Pepperrell, Sir William (1696-1759), was a prosperous merchant, politician, and military leader of Britain’s North American colonies. Raised near the frontier of Native American and French territory, Pepperrell gained renown for his successful siege of the French fortress at Louisbourg on Île Royale (now Cape Breton Island) in Nova Scotia, Canada. The French and the British had been competing for territory and Indian trading agreements in North America since the late 1600’s.
Pepperrell was born on June 27, 1696, in Kittery Point, a town in a region of Massachusetts that is now Maine. While still a teenager, Pepperrell helped manage his father’s business. The firm came to own dozens of trading vessels. The Pepperrells also became wealthy landowners. In 1723, William married Mary Hirst, the daughter of a Boston merchant. The couple had four children, two of whom survived infancy.

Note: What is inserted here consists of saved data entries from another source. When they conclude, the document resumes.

(* For every positive integer $k$, $f(k)\geq \frac{k(k-2)}{3}$.
   Context: A $k$-colouring of the edges of the complete graph $K_n$ (colours from $[k]=\{1,\dots,k\}$) is called connected if for each colour $i\in[k]$ the edges of colour $i$ form a connected spanning subgraph of $K_n$ (i.e. a connected graph on all $n$ vertices). A triangle is multicoloured if its three edges have three distinct colours; its colour set is the set of these three colours. $f(k)$ denotes the minimum, over all $n$ and all connected $k$-colourings of $K_n$, of the number of distinct $3$-sets of colours that occur as colour sets of multicoloured triangles. *)

From mathcomp Require Import all_boot all_order all_algebra.
Set Implicit Arguments. Unset Strict Implicit. Unset Printing Implicit Defensive.

(* An edge colouring of K_n with colours 'I_k (standing for [k] = {1..k}).
   c x y is the colour of the edge {x,y} (x != y); symmetry is required,
   values on the diagonal are irrelevant. *)
Definition symmetric_colouring (n k : nat) (c : 'I_n -> 'I_n -> 'I_k) : Prop :=
  forall x y : 'I_n, c x y = c y x.

Definition colour_rel (n k : nat) (c : 'I_n -> 'I_n -> 'I_k) (i : 'I_k) : rel 'I_n :=
  fun x y => (x != y) && (c x y == i).

Definition connected_colouring (n k : nat) (c : 'I_n -> 'I_n -> 'I_k) : Prop :=
  forall (i : 'I_k) (x y : 'I_n), connect (colour_rel c i) x y.

Definition multicoloured (n k : nat) (c : 'I_n -> 'I_n -> 'I_k) (x y z : 'I_n) : bool :=
  [&& x != y, y != z, x != z,
      c x y != c y z, c x y != c x z & c y z != c x z].

Definition triangle_colour_sets (n k : nat) (c : 'I_n -> 'I_n -> 'I_k)
  : {set {set 'I_k}} :=
  [set [set c t.1.1 t.1.2; c t.1.2 t.2; c t.1.1 t.2]
     | t : 'I_n * 'I_n * 'I_n & multicoloured c t.1.1 t.1.2 t.2].

From mathcomp Require Import all_boot all_order all_algebra zify.
Set Implicit Arguments. Unset Strict Implicit. Unset Printing Implicit Defensive.

(* Gallai-type lemma: in a colouring without rainbow triangles, if three
   distinct colours each span a connected subgraph, deleting any vertex u keeps
   each of them connected (were red disconnected by u, every edge at u would be
   red, so another spanning colour could not reach u); inducting down to two
   vertices, which cannot carry two spanning colours, gives a contradiction.
   For a colour i and a set A of other colours with A and the colours outside
   i |: A nonempty, merging the colours into the classes {i}, A and the rest
   keeps three spanning colours, so some multicoloured triangle uses i, a colour
   of A and a colour outside A.  Hence the colour sets through i connect the
   k - 1 other colours, so there are at least k - 2 of them; summing over i
   counts each colour set at most three times. *)

Lemma connect_exit (T : finType) (e : rel T) (X : {pred T}) x y :
  connect e x y -> x \in X -> y \notin X ->
  exists a b, [/\ a \in X, b \notin X & e a b].
Proof.
case/connectP => p; elim: p x => [|z p IH] x /=; first by move=> _ -> ->.
case/andP => exz pz ey xX yX.
have [zX | zX] := boolP (z \in X); first exact: IH zX yX.
by exists x, z.
Qed.

Lemma connect_ind (T : finType) (e : rel T) (P : T -> Prop) x y :
  (forall a b, P a -> e a b -> P b) -> connect e x y -> P x -> P y.
Proof.
move=> stepP /connectP [p]; elim: p x => [|z p IH] x /=; first by move=> _ ->.
by case/andP => exz pz ey Px; apply: IH pz ey (stepP _ _ Px exz).
Qed.

Section RainbowTriangle.
Variables (T : finType) (C : eqType) (d : T -> T -> C).
Hypothesis d_sym : forall x y, d x y = d y x.
Implicit Types (S : {set T}) (col : C).

Definition colour_edge (S : {set T}) (col : C) : rel T :=
  fun a b => [&& a \in S, b \in S, a != b & d a b == col].

Definition spans (S : {set T}) (col : C) : bool :=
  [forall x in S, forall y in S, connect (colour_edge S col) x y].

Definition rainbow (S : {set T}) : bool :=
  [exists x in S, exists y in S, exists z in S,
     [&& d x y != d y z, d x y != d x z & d y z != d x z]].

Lemma colour_edge_sym S col : symmetric (colour_edge S col).
Proof.
by move=> a b; rewrite /colour_edge d_sym eq_sym; case: (a \in S); case: (b \in S).
Qed.

Lemma spansP S col x y :
  spans S col -> x \in S -> y \in S -> connect (colour_edge S col) x y.
Proof. by move=> /forall_inP /(_ x) + xS yS => /(_ xS) /forall_inP; apply. Qed.

Lemma rainbowP S :
  reflect (exists x y z, [/\ x \in S, y \in S, z \in S &
             [&& d x y != d y z, d x y != d x z & d y z != d x z]])
          (rainbow S).
Proof.
apply: (iffP idP).
  by case/exists_inP => x xS /exists_inP [y yS /exists_inP [z zS h]]; exists x, y, z.
case=> x [y [z [xS yS zS h]]].
apply/exists_inP; exists x => //; apply/exists_inP; exists y => //.
by apply/exists_inP; exists z.
Qed.

Lemma rainbow_free_eq S x y z : ~~ rainbow S -> x \in S -> y \in S -> z \in S ->
  d x y != d y z -> d y z != d x z -> d x y = d x z.
Proof.
move=> nr xS yS zS h1 h2; apply/eqP; apply: contraNT nr => h3.
by apply/rainbowP; exists x, y, z; rewrite h1 h2 h3.
Qed.

Lemma rainbowS S S' : S' \subset S -> rainbow S' -> rainbow S.
Proof.
move=> /subsetP sub /rainbowP [x [y [z [xS yS zS h]]]].
by apply/rainbowP; exists x, y, z; split; rewrite ?sub.
Qed.

Lemma spans_neighbour S col u : spans S col -> 1 < #|S| -> u \in S ->
  exists z, [/\ z \in S, z != u & d u z = col].
Proof.
move=> spS /card_gt1P [a [b [aS bS ab]]] uS.
have [v vS vu] : exists2 v, v \in S & v != u.
  by case: (eqVneq a u) => [au|]; [exists b; rewrite // -au eq_sym | exists a].
have vX : v \notin pred1 u by rewrite inE.
have [_ [z [/eqP -> zu /and4P [_ zS _ /eqP dz]]]] :=
  connect_exit (X := pred1 u) (spansP spS uS vS) (eqxx u) vX.
by exists z; rewrite zS; split => //; rewrite inE in zu.
Qed.

Lemma spans_card_gt2 S p q : 1 < #|S| -> spans S p -> spans S q -> p != q -> 2 < #|S|.
Proof.
move=> S_gt1 sp sq; apply: contraNT; rewrite -leqNgt => S_le2.
have [u uS] : exists u, u \in S by apply/card_gt0P; apply: ltnW.
have [zp [zpS zpu <-]] := spans_neighbour sp S_gt1 uS.
have [zq [zqS zqu <-]] := spans_neighbour sq S_gt1 uS.
suff -> : zp = zq by [].
have : #|S :\ u| <= 1 by move: S_le2; rewrite (cardsD1 u) uS.
by move/card_le1_eqP; apply; rewrite in_setD1 ?zpu ?zqu.
Qed.

Section CutVertex.
Variables (S : {set T}) (u : T) (red : C).
Hypotheses (uS : u \in S) (red_spans : spans S red) (no_rainbow : ~~ rainbow S).

Let S' := S :\ u.
Let e := colour_edge S' red.
Let component x : {pred T} := [pred z | (z \in S') && connect e x z].

Let sub_S' : {subset S' <= S}. Proof. by move=> z /setD1P []. Qed.
Let u_notin_S' : u \notin S'. Proof. by rewrite in_setD1 eqxx. Qed.
Let e_sym : connect_sym e. Proof. exact/sym_connect_sym/colour_edge_sym. Qed.

Lemma red_connect a b : a \in S' -> b \in S' -> a != b -> d a b = red -> connect e a b.
Proof. by move=> aS bS ab dab; apply: connect1; rewrite /e /colour_edge aS bS ab dab eqxx. Qed.

Lemma unconnected_not_red a b : a \in S' -> b \in S' -> ~~ connect e a b -> d a b != red.
Proof.
move=> aS bS; apply: contraNneq => dab.
have [-> | ab] := eqVneq a b; [exact: connect0 | exact: red_connect].
Qed.

Lemma colour_const_on_component z z' w :
  connect e z z' -> w \in S' -> ~~ connect e z w -> d w z' = d w z.
Proof.
move=> czz' wS nczw.
pose P a := connect e z a /\ d w a = d w z.
suff [_ ->] : P z' by [].
apply: (connect_ind (P := P) _ czz') => [a b [cza dwa] eab |].
  2: by split; first exact: connect0.
have czb := connect_trans cza (connect1 eab).
have not_red x : x \in S' -> connect e z x -> d w x != red.
  move=> xS czx; rewrite d_sym; apply: unconnected_not_red => //.
  by apply: contra nczw; apply: connect_trans.
move: eab => /and4P [aS bS _ /eqP dab]; split => //.
rewrite -dwa; symmetry.
apply: (rainbow_free_eq no_rainbow (sub_S' wS) (sub_S' aS) (sub_S' bS)).
  by rewrite dab not_red.
by rewrite dab eq_sym not_red.
Qed.

Lemma component_red_neighbour w : w \in S' -> exists2 r, r \in component w & d u r = red.
Proof.
move=> wS.
have wX : w \in component w by rewrite inE wS connect0.
have uX : u \notin component w by rewrite inE (negbTE u_notin_S').
have [a [b [aX bX /and4P [_ bS ab /eqP dab]]]] :=
  connect_exit (spansP red_spans (sub_S' wS) uS) wX uX.
have [bu | bu] := eqVneq b u; first by exists a; rewrite // -bu d_sym.
have bS' : b \in S' by rewrite in_setD1 bu.
move: aX bX => /andP [aS cwa]; rewrite inE bS' /= => /negP [].
exact: connect_trans cwa (red_connect aS bS' ab dab).
Qed.

Lemma cut_vertex_colour x w : x \in S' -> w \in S' -> ~~ connect e x w ->
  d u x = red \/ d u x = d w x.
Proof.
move=> xS wS ncxw; have [r /andP [rS cwr] dur] := component_red_neighbour wS.
have ncxr : ~~ connect e x r.
  by apply: contra ncxw => cxr; rewrite (connect_trans cxr) // e_sym.
have drx : d r x = d w x.
  have ncwx : ~~ connect e w x by rewrite e_sym.
  by rewrite d_sym (colour_const_on_component cwr xS ncwx) d_sym.
have [<- | rux] := eqVneq (d r x) (d u x); first by right.
left; rewrite -dur; symmetry.
apply: (rainbow_free_eq no_rainbow uS (sub_S' rS) (sub_S' xS)) => //.
by rewrite dur eq_sym unconnected_not_red // e_sym.
Qed.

Pepperrell entered colonial politics in 1725, when he became a local judge. In 1726, Pepperrell was elected to represent Kittery in the Massachusetts provincial assembly. In 1727, he was chosen to sit on to the Massachusetts Council board, whose members acted as the upper house of the legislature and as advisers to the governor. He remained on the council until his death in 1759. Fellow council members came to respect his expertise on military affairs and Indian relations.
By 1722, Pepperrell was a colonel of the militia (citizens’ army) of York County, Massachusetts. At the beginning of King George’s War (1744-1748), the Massachusetts governor appointed Pepperrell to lead an army of colonists against the French fortress at Louisbourg. The war was the third of four conflicts called the French and Indian wars, which began in 1689 and ended in 1763. In 1745, Pepperrell’s colonial soldiers, aided by the British Navy, besieged and captured the French fortress. The capture was one of the major events of the conflict, and Pepperrell was hailed as the “hero of Louisbourg.”
As a reward for his victory, Pepperrell was named a baronet and promoted first to colonel and then lieutenant general in the British army. He was the first American-born person to achieve such honors. For a few months in 1757, he served as acting governor of Massachusetts. Pepperrell died in Kittery Point on July 6, 1759.